Some practices serve clients with $100,000 in assets, but they’re searching for a prospect with $1 million to invest. Other practices serve clients with $1 million, but they’re searching for a prospect with $20 million. Either way, every advisor dreams of landing that mega client who takes them to the next level.
It’s often hard to say what exactly seals the deal when trying to make the leap with such prospects, according to advisors who’ve done so. The common denominator, they say, is connecting with the prospect in a way no other advisor has done — without feeling intimidated by the prospect’s status. Strong referrals don’t hurt, either. With some prospects, being likable is enough. Others respond if you put complex concepts into terms they understand. As for financially sophisticated prospects, winning them means studying up so you can beat the competition by pitching solutions to their problems in detail.
That last scenario changed Thomas Mingone’s perspective about tackling prospects he might once have considered out of his league. He’s managing partner at Capital Management Group in New York, an affiliate of AXA Advisors that oversees $1 billion. “The main lesson was that although some of the details were different, the basic investment principles apply regardless of the number of zeros,” he says. “It allowed me to have the confidence going forward to ask for and expect bigger accounts.”

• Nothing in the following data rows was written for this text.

(* Let $(\mathbb L,d)$ be a finite metric space and $m,m_V,\tilde m>0$. Then \[ \sup_{x\in\mathbb L}\sum_{\substack{X\subset\mathbb L\\ F\subset T\in\mathfrak T(X)}}12^{-|X|}c_{\sf g}(m_V)^{-|F|}c_{\sf g}(m)^{-|T\setminus F|}e^{-m_Vd(F)-md(T\setminus F)}e^{-\tilde m d(x;X)}\le c_{\sf g}(\tilde m) \] and \[ \sup_{x\in\mathbb L}\sum_{\substack{X\subset\mathbb L\\ F\subset T\in\mathfrak T(X)}}32^{-|X|}c_{\sf g}(m_V)^{-|F|}c_{\sf g}(m)^{-|T\setminus F|}e^{-m_Vd(F)-md(T\setminus F)}e^{-\tilde m d(x;X)}\prod_{y\in X}d^T(y)!\le c_{\sf g}(\tilde m). \]
   Context: The sums run over nonempty subsets $X\subset\mathbb L$, trees $T\in\mathfrak T(X)$ with vertex set $X$ (for $|X|=1$ the only tree is the edgeless one), and edge subsets $F\subset T$. For a set of edges $F$, $|F|$ is its number of edges and $d(F)=\sum_{\{y,y'\}\in F}d(y,y')$. $d(x;X)=\min_{x'\in X}d(x,x')$. $d^T(y)$ is the degree of $y$ in $T$. The geometric constant is $c_{\sf g}(m)=\sup_{x\in\mathbb L}\sum_{x'\in\mathbb L}e^{-md(x,x')}$. *)

From HB Require Import structures.
From mathcomp Require Import all_boot all_order all_algebra.
From mathcomp Require Import all_classical all_reals all_analysis.
Set Implicit Arguments. Unset Strict Implicit. Unset Printing Implicit Defensive.
Import Order.TTheory GRing.Theory Num.Theory.
Local Open Scope ring_scope.
(* Average the edge weight of the traces over the (s+1)-subsets [z |: B] of [R]:
   the VC bound caps it by [(r + 3) |I|], [trace_edge_weight_ge] bounds it below. *)
Lemma packing_bound s : 0 < s -> s < #|R| ->
  d * (#|I| - r * s) * s.+1 <= 2 * (r + 3) * #|I| * (#|R| - s).
Proof.
move=> s_gt0 sR.
set E := \sum_(B' in draws R s.+1) edge_weight B' (trace_weight F I B').
have upper : E <= #|draws R s.+1| * ((r + 3) * #|I|).
  rewrite -sum_nat_const; apply: leq_sum => B'; rewrite inE => /andP[sBR _].
  exact: trace_edge_weight_le trR sBR.
have lower : #|draws R s| * (d * (#|I| - r * s)) <= 2 * E.
  rewrite /E /edge_weight sum_draws_succ big_distrr -sum_nat_const /=.
  apply: leq_sum => B; rewrite inE => /andP[sBR /eqP cB].
  rewrite (eq_bigr (fun z => \sum_(T in powerset B) minn (trace_weight F I (z |: B) T)
                                 (trace_weight F I (z |: B) (z |: T)))); last first.
    by move=> z; rewrite inE => /andP[zB _]; rewrite setU1K.
  apply: leq_trans (trace_edge_weight_ge FR sBR sepI).
  by rewrite leq_mul2l leq_sub2l ?orbT // -cB trR // cB.
rewrite -(leq_pmul2l (draws_gt0 (ltnW sR))) !mulnA -[_ * d * _]mulnA.
apply: leq_trans (leq_mul lower (leqnn s.+1)) _.
apply: leq_trans (leq_mul (leq_mul (leqnn 2) upper) (leqnn s.+1)) _.
have := card_draws_succ R s; set a := #|draws R s|; set b := #|draws R s.+1|.
move=> cnt; apply: eq_leq; transitivity (2 * ((r + 3) * #|I|) * (b * s.+1)); first by nia.
by rewrite cnt; nia.
Qed.

End Packing.

Definition ncolors r := 16 * (r + 3) ^ 4.

Lemma quartic_lt_ncolors r : 8 * r * r * (2 * r + 1) * (r + 3) < ncolors r.
Proof. by rewrite /ncolors !expnS expn0; nia. Qed.

Lemma linear_lt_ncolors r : 4 * (r + 3) < ncolors r.
Proof. by rewrite /ncolors !expnS expn0; nia. Qed.

Lemma ncolors_gt0 r : 0 < ncolors r.
Proof. by have := linear_lt_ncolors r; lia. Qed.

Lemma separated_family_large (J Q : finType) (F : J -> {set Q}) (I : {set J})
    (R : {set Q}) r :
    (forall y, F y \subset R) -> linear_traces F I R r -> separated F I (ncolors r) ->
  1 < #|I| -> r * (2 * r + 1) * #|I| < #|R|.
Proof.
move=> FR trR sepI /card_gt1P[y [y' [yI y'I yy']]]; rewrite ltnNge; apply/negP => RI.
have := quartic_lt_ncolors r; have := linear_lt_ncolors r.
set K := ncolors r; set N := #|R|; set M := #|I| => K_lin K_quartic.
have KN : K <= N.
  apply: leq_trans (sepI _ _ yI y'I yy') (subset_leq_card _).
  by rewrite subUset !(subset_trans (subsetDl _ _) (FR _)).
(* At this subset size [packing_bound] forces [M <= 2 r s], which is too small. *)
set a := 4 * (r + 3) * N; set s := a %/ K.
have K_gt0 : 0 < K by lia.
have Ks : K * s <= a by rewrite mulnC leq_divM.
have aKs : a < K * s.+1 by rewrite mulnC ltn_ceil.
have s_gt0 : 0 < s.
  rewrite lt0n; apply/eqP => s0; move: aKs; rewrite s0 muln1 /a.
  by have := leq_mul (leqnn (4 * (r + 3))) KN; lia.
have sN : s < N.
  rewrite -(ltn_pmul2l K_gt0); apply: leq_ltn_trans Ks _.
  by rewrite /a ltn_pmul2r // (leq_trans K_gt0 KN).
have pack := packing_bound FR trR sepI s_gt0 sN.
have M_le : M <= 2 * r * s.
  set X := M - r * s.
  have pack_s : a * X <= 2 * (r + 3) * M * N.
    apply: leq_trans (leq_mul (ltnW aKs) (leqnn X)) _.
    rewrite mulnAC; apply: leq_trans pack _.
    by rewrite leq_mul2l leq_subr orbT.
  have : 2 * (r + 3) * N * (2 * X) <= 2 * (r + 3) * N * M.
    have -> : 2 * (r + 3) * N * (2 * X) = a * X by rewrite /a; nia.
    by have -> : 2 * (r + 3) * N * M = 2 * (r + 3) * M * N by nia.
  rewrite leq_pmul2l; first by rewrite /X; lia.
  by rewrite !muln_gt0 addn3 (leq_trans K_gt0 KN).
have : K * s <= 8 * r * r * (2 * r + 1) * (r + 3) * s.
  apply: leq_trans Ks _; have := leq_mul (leqnn (4 * (r + 3))) RI.
  have := leq_mul (leqnn (4 * (r + 3) * (r * (2 * r + 1)))) M_le.
  rewrite /a; lia.
by rewrite leq_pmul2r // leqNgt K_quartic.
Qed.

Section StableSet.
Variables (T : finType) (h : rel T).
Hypotheses (hsym : symmetric h) (hirr : irreflexive h).
Implicit Types (S P : {set T}).

Lemma low_degree_vertex D S : S != set0 ->
    \sum_(y in S) #|[set w in S | h y w]| <= D * #|S| ->
  exists2 y, y \in S & #|[set w in S | h y w]| <= D.
Proof.
move=> S0 sumS; apply/exists_inP; apply: contraLR sumS => /exists_inPn high.
have : \sum_(y in S) D.+1 <= \sum_(y in S) #|[set w in S | h y w]|.
  by apply: leq_sum => y /high; rewrite ltnNge.
rewrite -ltnNge sum_nat_const mulnC; apply: leq_trans.
by rewrite ltn_pmul2r ?card_gt0.
Qed.
(* Since  [m g'] = m g' + O(1), the index stays away from  m t  by roughly
   m |t - g|, up to the error  m |g' - g|. *)
Lemma tail_index_far m (g' g t : R) : 0 <= g' ->
  m%:R * `|t - g| - m%:R * `|g' - g| - 1 <= `|(tail_index m g')%:R - m%:R * t|.
Proof.
move=> g'0.
have /andP[lo hi] := floor_itv (m%:R * g').
rewrite intrD -natr_absz_floor ?mulr_ge0 // -/(tail_index m g') in lo hi.
set k := (tail_index m g')%:R in lo hi *.
have near_k : `|k - m%:R * g'| <= 1 by rewrite ler_norml; apply/andP; split; lra.
have scale x : m%:R * `|x| = `|m%:R * x| by rewrite normrM ger0_norm.
have -> : m%:R * `|t - g| = `|(m%:R * t - k) + (k - m%:R * g') + m%:R * (g' - g)|.
  by rewrite scale; congr `|_|; ring.
rewrite scale.
have := ler_normD (m%:R * t - k + (k - m%:R * g')) (m%:R * (g' - g)).
have := ler_normD (m%:R * t - k) (k - m%:R * g').
rewrite distrC; lra.
Qed.
Definition inorm (R : realType) (V : lmodType R[i]) (ip : V -> V -> R[i])
  (x : V) : R := Num.sqrt (complex.Re (ip x x)).

Definition is_complete (R : realType) (V : lmodType R[i]) (ip : V -> V -> R[i]) : Prop :=
  forall u : nat -> V,
    (forall e : R, 0 < e -> exists N : nat, forall m n : nat, (N <= m)%N -> (N <= n)%N ->
        inorm ip (u m - u n) < e) ->
    exists l : V, forall e : R, 0 < e -> exists N : nat, forall n : nat, (N <= n)%N ->
        inorm ip (u n - l) < e.

Definition is_hilbert (R : realType) (V : lmodType R[i]) (ip : V -> V -> R[i]) : Prop :=
  is_inner_product ip /\ is_complete ip.

Definition bounded_op (R : realType) (V W : lmodType R[i])
  (ipV : V -> V -> R[i]) (ipW : W -> W -> R[i]) (f : V -> W) : Prop :=
  exists M : R, forall x : V, inorm ipW (f x) <= M * inorm ipV x.

Definition opnorm (R : realType) (V W : lmodType R[i])
  (ipV : V -> V -> R[i]) (ipW : W -> W -> R[i]) (f : V -> W) : R :=
  sup [set inorm ipW (f x) | x in [set x : V | inorm ipV x <= 1]].

Definition is_adjoint (R : realType) (V W : lmodType R[i])
  (ipV : V -> V -> R[i]) (ipW : W -> W -> R[i]) (f : V -> W) (g : W -> V) : Prop :=
  forall (x : V) (y : W), ipW (f x) y = ipV x (g y).

Definition is_isometry (R : realType) (V W : lmodType R[i])
  (ipV : V -> V -> R[i]) (ipW : W -> W -> R[i]) (f : V -> W) : Prop :=
  forall x y : V, ipW (f x) (f y) = ipV x y.

(* Write u = (H_t + 1)^-1 x and split u = P^* P u + Q^* Q u.  Positivity of
   H_t gives |u| <= |x|.  The Q-component of (H_t + 1) u = x reads
   (1 + t) Q u = Q (x - H u), so |Q u| = O(|x| / (1 + t)).  The P-component
   gives P u - (P H P^* + 1)^-1 P x = - (P H P^* + 1)^-1 P H Q^* Q u, and the
   resolvent of the positive operator P H P^* is a contraction, so this is
   O(|Q u|) as well.  With a = ||H + 1|| one has ||H|| <= a and a >= 1, and the
   constants combine to (1 + t)^2 |u - P^* (P H P^* + 1)^-1 P x|^2
   <= 2 (1 + a^2)^2 |x|^2 <= 16 a^4 |x|^2. *)

From HB Require Import structures.
From mathcomp Require Import all_boot all_order all_algebra.
From mathcomp Require Import all_classical all_reals.
From mathcomp Require Import complex lra.
Import Order.TTheory GRing.Theory Num.Theory.
Set Implicit Arguments. Unset Strict Implicit.
Local Open Scope ring_scope.
Local Open Scope complex_scope.
Local Notation Re := complex.Re.

Lemma Re_conjc (R : rcfType) (z : R[i]) : Re z^* = Re z.
Proof. by case: z. Qed.

Lemma Re_ge0 (R : rcfType) (z : R[i]) : 0 <= z -> 0 <= Re z.
Proof. by rewrite lecE => /andP[]. Qed.

Section InnerProduct.
Variables (R : realType) (V : lmodType R[i]) (ip : V -> V -> R[i]).
Hypothesis hip : is_inner_product ip.

Lemma ipD x y z : ip (x + y) z = ip x z + ip y z.
Proof. by have := ip_linear hip 1 x y z; rewrite scale1r mul1r. Qed.

Lemma ip0 z : ip 0 z = 0.
Proof. by apply: (addrI (ip 0 z)); rewrite -ipD !addr0. Qed.

Lemma ipZ a x z : ip (a *: x) z = a * ip x z.
Proof. by have := ip_linear hip a x 0 z; rewrite !addr0 ip0 addr0. Qed.

Lemma ipN x z : ip (- x) z = - ip x z.
Proof. by rewrite -scaleN1r ipZ mulN1r. Qed.

Lemma ipB x y z : ip (x - y) z = ip x z - ip y z.
Proof. by rewrite ipD ipN. Qed.

Lemma ipDr x y z : ip z (x + y) = ip z x + ip z y.
Proof. by rewrite (ip_conj hip (x + y)) ipD rmorphD /= -!(ip_conj hip). Qed.

Lemma ipNr x z : ip z (- x) = - ip z x.
Proof. by rewrite (ip_conj hip (- x)) ipN rmorphN /= -(ip_conj hip). Qed.

Lemma ipZr a x z : ip z (a *: x) = a^* * ip z x.
Proof. by rewrite (ip_conj hip (a *: x)) ipZ rmorphM /= -(ip_conj hip). Qed.

Lemma Re_ipC x y : Re (ip y x) = Re (ip x y).
Proof. by rewrite (ip_conj hip x) Re_conjc. Qed.

Definition sqnorm x := Re (ip x x).

Lemma sqnorm_ge0 x : 0 <= sqnorm x.
Proof. exact/Re_ge0/(ip_ge0 hip). Qed.

Lemma sqnorm_eq0 x : sqnorm x = 0 -> x = 0.
Proof.
move=> x0; apply: (ip_def hip); apply/eqP.
by rewrite eq_complex -/(sqnorm x) x0 (ger0_Im (ip_ge0 hip x)) !eqxx.
Qed.

Lemma sqnorm0 : sqnorm 0 = 0.
Proof. by rewrite /sqnorm ip0. Qed.

Lemma sqnormN x : sqnorm (- x) = sqnorm x.
Proof. by rewrite /sqnorm ipN ipNr opprK. Qed.

Lemma sqnormD x y : sqnorm (x + y) = sqnorm x + sqnorm y + 2 * Re (ip x y).
Proof. by rewrite /sqnorm ipD !ipDr !raddfD /= (Re_ipC x y); lra. Qed.

Lemma sqnormZ (r : R) x : sqnorm (r%:C *: x) = r ^+ 2 * sqnorm x.
Proof. by rewrite /sqnorm ipZ ipZr; case: (ip x x) => a b /=; lra. Qed.

Lemma Re_ip_le x y : 2 * Re (ip x y) <= sqnorm x + sqnorm y.
Proof.
have := sqnorm_ge0 (x - y).
by rewrite sqnormD sqnormN ipNr raddfN /=; lra.
Qed.

Lemma sqnormD_le x y : sqnorm (x + y) <= 2 * sqnorm x + 2 * sqnorm y.
Proof. by have := Re_ip_le x y; rewrite sqnormD; lra. Qed.

Lemma sqnormD_ge x y :
  0 <= Re (ip x y) -> sqnorm x + sqnorm y <= sqnorm (x + y).
Proof. by rewrite sqnormD; lra. Qed.

Lemma inorm_ge0 x : 0 <= inorm ip x.
Proof. exact: sqrtr_ge0. Qed.

Lemma inorm_sqr x : inorm ip x ^+ 2 = sqnorm x.
Proof. exact/sqr_sqrtr/sqnorm_ge0. Qed.

Lemma inorm0 : inorm ip 0 = 0.
Proof. by rewrite /inorm -/(sqnorm 0) sqnorm0 sqrtr0. Qed.

Lemma inorm_le x c : 0 <= c -> (inorm ip x <= c) = (sqnorm x <= c ^+ 2).
Proof. by move=> c0; rewrite -ler_sqr ?inorm_sqr // nnegrE inorm_ge0. Qed.

End InnerProduct.

Section OperatorNorm.
Variables (R : realType) (V W : lmodType R[i]).
Variables (ipV : V -> V -> R[i]) (ipW : W -> W -> R[i]).
Hypotheses (hipV : is_inner_product ipV) (hipW : is_inner_product ipW).

Lemma inorm_le_sqnorm (x : W) (y : V) c :
  inorm ipW x <= c * inorm ipV y -> sqnorm ipW x <= c ^+ 2 * sqnorm ipV y.
Proof.
move=> xy; have c0 : 0 <= c * inorm ipV y := le_trans (inorm_ge0 ipW x) xy.
by move: xy; rewrite (inorm_le hipW) // exprMn (inorm_sqr hipV).
Qed.

Lemma bounded_op_id : bounded_op ipV ipV id.
Proof. by exists 1 => x; rewrite mul1r. Qed.

Lemma bounded_opD (f g : V -> W) :
  bounded_op ipV ipW f -> bounded_op ipV ipW g ->
  bounded_op ipV ipW (fun x => f x + g x).
Proof.
move=> [M hM] [N hN]; exists (Num.sqrt (2 * M ^+ 2 + 2 * N ^+ 2)) => x.
rewrite (inorm_le hipW) ?mulr_ge0 ?sqrtr_ge0 ?inorm_ge0 //.
have MN0 : 0 <= 2 * M ^+ 2 + 2 * N ^+ 2.
  by have := sqr_ge0 M; have := sqr_ge0 N; lra.
rewrite exprMn sqr_sqrtr // (inorm_sqr hipV).
have := inorm_le_sqnorm (hM x); have := inorm_le_sqnorm (hN x).
by have := sqnormD_le hipW (f x) (g x); lra.
Qed.

Variable f : V -> W.
Hypothesis hfb : bounded_op ipV ipW f.

Lemma opnorm_ub x : inorm ipV x <= 1 -> inorm ipW (f x) <= opnorm ipV ipW f.
Proof.
move=> x1; apply: ub_le_sup; last by exists x.
have [M hM] := hfb; exists `|M| => _ [y y1 <-].
apply: le_trans (hM y) _; apply: le_trans (ler_norm _) _.
by rewrite normrM ler_piMr // ger0_norm ?inorm_ge0.
Qed.

Lemma opnorm_ge0 : 0 <= opnorm ipV ipW f.
Proof.
have x1 : inorm ipV 0 <= 1 by rewrite inorm0.
exact: le_trans (inorm_ge0 ipW (f 0)) (opnorm_ub x1).
Qed.

Hypothesis hfZ : forall (r : R) x, f (r%:C *: x) = r%:C *: f x.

Years ago, an acquaintance introduced Mingone to a wealthy prospect living overseas who was selling the family business and distributing the money to his relatives. The advisors had to cook up a plan for how 10 heirs would each receive $25 million, then present the plan to the heirs in person — all at once. At the time, his idea of a decent-size client account was $1 million. He prepared for the meeting by researching the tax and cost efficiency of different approaches to the problem, knowing he was competing with FAs at major wealth-management firms. Mingone ended up winning 10% of the family’s assets, still many multiples above his average client size at the time.
Advisors with an insurance background — constantly aware that traditional wealth managers tend to view insurance agents with deep skepticism — have been known to feel self-conscious when competing for high-net-worth advice clients. That didn’t keep Scott Dougan of Global Plains Advisory Group from pursuing and winning a huge client soon after he switched careers. He became a financial advisor in January 2014 after 17 years as an insurance and annuity agent.
Dougan had gained about five advice clients, each worth between $200,000 and $400,000, when one of his insurance customers referred a couple worth $3 million to him for wealth-management services. They already had a financial advisor but wanted a second opinion on required minimum distributions from their IRAs. It took several meetings to persuade them. Dougan spent lots of time discussing each decision-making process, translating technical language into straight talk that was low-key and devoid of sales pressure regarding any product or strategy.
“It’s not impossible that I could now land a $5 million client, which is a whole different world because of what gets thrown at them by banks and wirehouses,” says Dougan, who manages $49 million in Prairie Village, Kan. His average client now has $750,000 in assets or more.
No elaborate tactics are necessary when the prospect likes you, according to Don Wilde, an advisor based in Gilbert, Ariz. He left Fidelity Investments — where he had been an account executive — in 2012 to join Gallacher Capital Management, which is headquartered in Lone Tree, Colo., and manages over $400 million. Before leaving Fido, Wilde hosted a financial-planning seminar in hopes of meeting prospects. He hit it off with one man in particular, who called him a few days later.
The man became his largest client, with $2.5 million in assets. They’ve become close friends who go to each other’s homes for meals and discussion of sensitive subjects like religion and politics. “We all go through a life journey and sometimes we stumble into things,” says Wilde, whose average client size has shrunk from $600,000 to $400,000 since switching firms. “This win was definitely a factor in deciding to go independent.”